** Opening Input for this task block **

Lemma ler_add_tmul x y c : (forall t, 0 < t < 1 -> x <= y + t * c) -> x <= y.
Proof.
move=> H; apply/ler_addgt0Pr => e e0; set d := e + `|c| + 1.
have d0 : 0 < d by rewrite /d; have := normr_ge0 c; lra.
have t01 : 0 < e / d < 1 by rewrite divr_gt0 //= ltr_pdivrMr // mul1r /d; have := normr_ge0 c; lra.
apply: (le_trans (H _ t01)); rewrite lerD2l mulrAC ler_pdivrMr // ler_wpM2l ?ltW //.
by rewrite /d; have := ler_norm c; lra.
Qed.

End RelativeEntropyTerm.

Section DoubleSums.
Variables (R : realType) (n k : nat).
Implicit Types (F G : 'I_n -> 'I_k -> R) (z w : vec R n k).

Definition sum2 F : R := \sum_(i < n) \sum_(l < k) F i l.

Lemma sum2D F G : sum2 (fun i l => F i l + G i l) = sum2 F + sum2 G.
Proof. by rewrite /sum2 -big_split; apply: eq_bigr => i _; rewrite big_split. Qed.

Lemma sum2B F G : sum2 (fun i l => F i l - G i l) = sum2 F - sum2 G.
Proof. by rewrite /sum2 -sumrB; apply: eq_bigr => i _; rewrite sumrB. Qed.

Lemma sum2Z c F : sum2 (fun i l => c * F i l) = c * sum2 F.
Proof. by rewrite /sum2 mulr_sumr; apply: eq_bigr => i _; rewrite mulr_sumr. Qed.

Lemma ler_sum2 F G : (forall i l, F i l <= G i l) -> sum2 F <= sum2 G.
Proof. by move=> FG; apply: ler_sum => i _; apply: ler_sum. Qed.

Lemma sum2_ge_term F i l : (forall i l, 0 <= F i l) -> F i l <= sum2 F.
Proof.
move=> F0; rewrite /sum2 (bigD1 i) //= (bigD1 l) //= -addrA lerDl.
by rewrite addr_ge0 ?sumr_ge0 // => j _; rewrite sumr_ge0.
Qed.

Lemma sum2_simplexB z w : in_simplex z -> in_simplex w ->
  sum2 (fun i l => z i l - w i l) = 0.
Proof. by move=> hz hw; rewrite /sum2 big1 // => i _; rewrite sumrB (hz i).2 (hw i).2 subrr. Qed.

End DoubleSums.

Section Mixtures.
Variables (R : realType) (n k p : nat).
Implicit Types (g e : vec R n k) (t : R).

Definition mix t g e : vec R n k := fun i l => (1 - t) * g i l + t * e i l.

Lemma in_simplex_mix t g e : 0 <= t <= 1 -> in_simplex g -> in_simplex e ->
  in_simplex (mix t g e).
Proof.
move=> /andP[t0 t1] hg he i; split => [l|].
  by rewrite /mix addr_ge0 // mulr_ge0 ?(hg i).1 ?(he i).1 //; lra.
by rewrite /mix big_split /= -!mulr_sumr (hg i).2 (he i).2; lra.
Qed.

Lemma Amul_mix (h : rules n k p) t g e r :
  Amul h (mix t g e) r = (1 - t) * Amul h g r + t * Amul h e r.
Proof.
rewrite /Amul !mulr_sumr -big_split; apply: eq_bigr => i _.
by rewrite !mulr_sumr -big_split; apply: eq_bigr => l _; rewrite /mix /=; ring.
Qed.

Lemma inP_mix (h : rules n k p) b eps t g e : 0 <= t <= 1 ->
  inP h b eps g -> inP h b eps e -> inP h b eps (mix t g e).
Proof.
move=> t01 [hg Ag] [he Ae]; split; first exact: in_simplex_mix.
move=> r; rewrite Amul_mix; move: (Ag r) (Ae r) t01.
move=> /andP[g1 g2] /andP[e1 e2] /andP[t0 t1]; apply/andP; split; nra.
Qed.

End Mixtures.

Lemma sum2_kl_ge (R : realType) (n k : nat) (e z : vec R n k) i l :
  in_simplex e -> in_simplex z -> (forall i l, e i l != 0 -> 0 < z i l) ->
  kl (e i l) (z i l) - (e i l - z i l) <= sum2 (fun i l => kl (e i l) (z i l)).
Proof.
move=> he hz ez; rewrite -[X in _ <= X]subr0 -(sum2_simplexB he hz) -sum2B /=.
apply: sum2_ge_term => i' l'.
by rewrite subr_ge0; apply: kl_ge_subr; [exact: (he _).1 | exact: (hz _).1 | exact: ez].
Qed.

Section MaximumEntropy.
Variables (R : realType) (n k p : nat) (h : rules n k p).
Variables (e g : vec R n k) (b eps : 'I_(p + k) -> R).
Hypothesis he : in_simplex e.
Hypothesis hAe : forall r, b r - eps r <= Amul h e r <= b r + eps r.
Hypothesis hgP : inP h b eps g.
Hypothesis hgmin : forall z, inP h b eps z -> negent g <= negent z.

Let hg : in_simplex g := hgP.1.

** Closing Input for this task block **

### What is expected:
From the line with "by rewrite subr_ge0;" through the final line of the records, return each line exactly. Leave out the rest.

### Output of the task:
by rewrite subr_ge0; apply: kl_ge_subr; [exact: (he _).1 | exact: (hz _).1 | exact: ez].
Qed.

Section MaximumEntropy.
Variables (R : realType) (n k p : nat) (h : rules n k p).
Variables (e g : vec R n k) (b eps : 'I_(p + k) -> R).
Hypothesis he : in_simplex e.
Hypothesis hAe : forall r, b r - eps r <= Amul h e r <= b r + eps r.
Hypothesis hgP : inP h b eps g.
Hypothesis hgmin : forall z, inP h b eps z -> negent g <= negent z.

Let hg : in_simplex g := hgP.1.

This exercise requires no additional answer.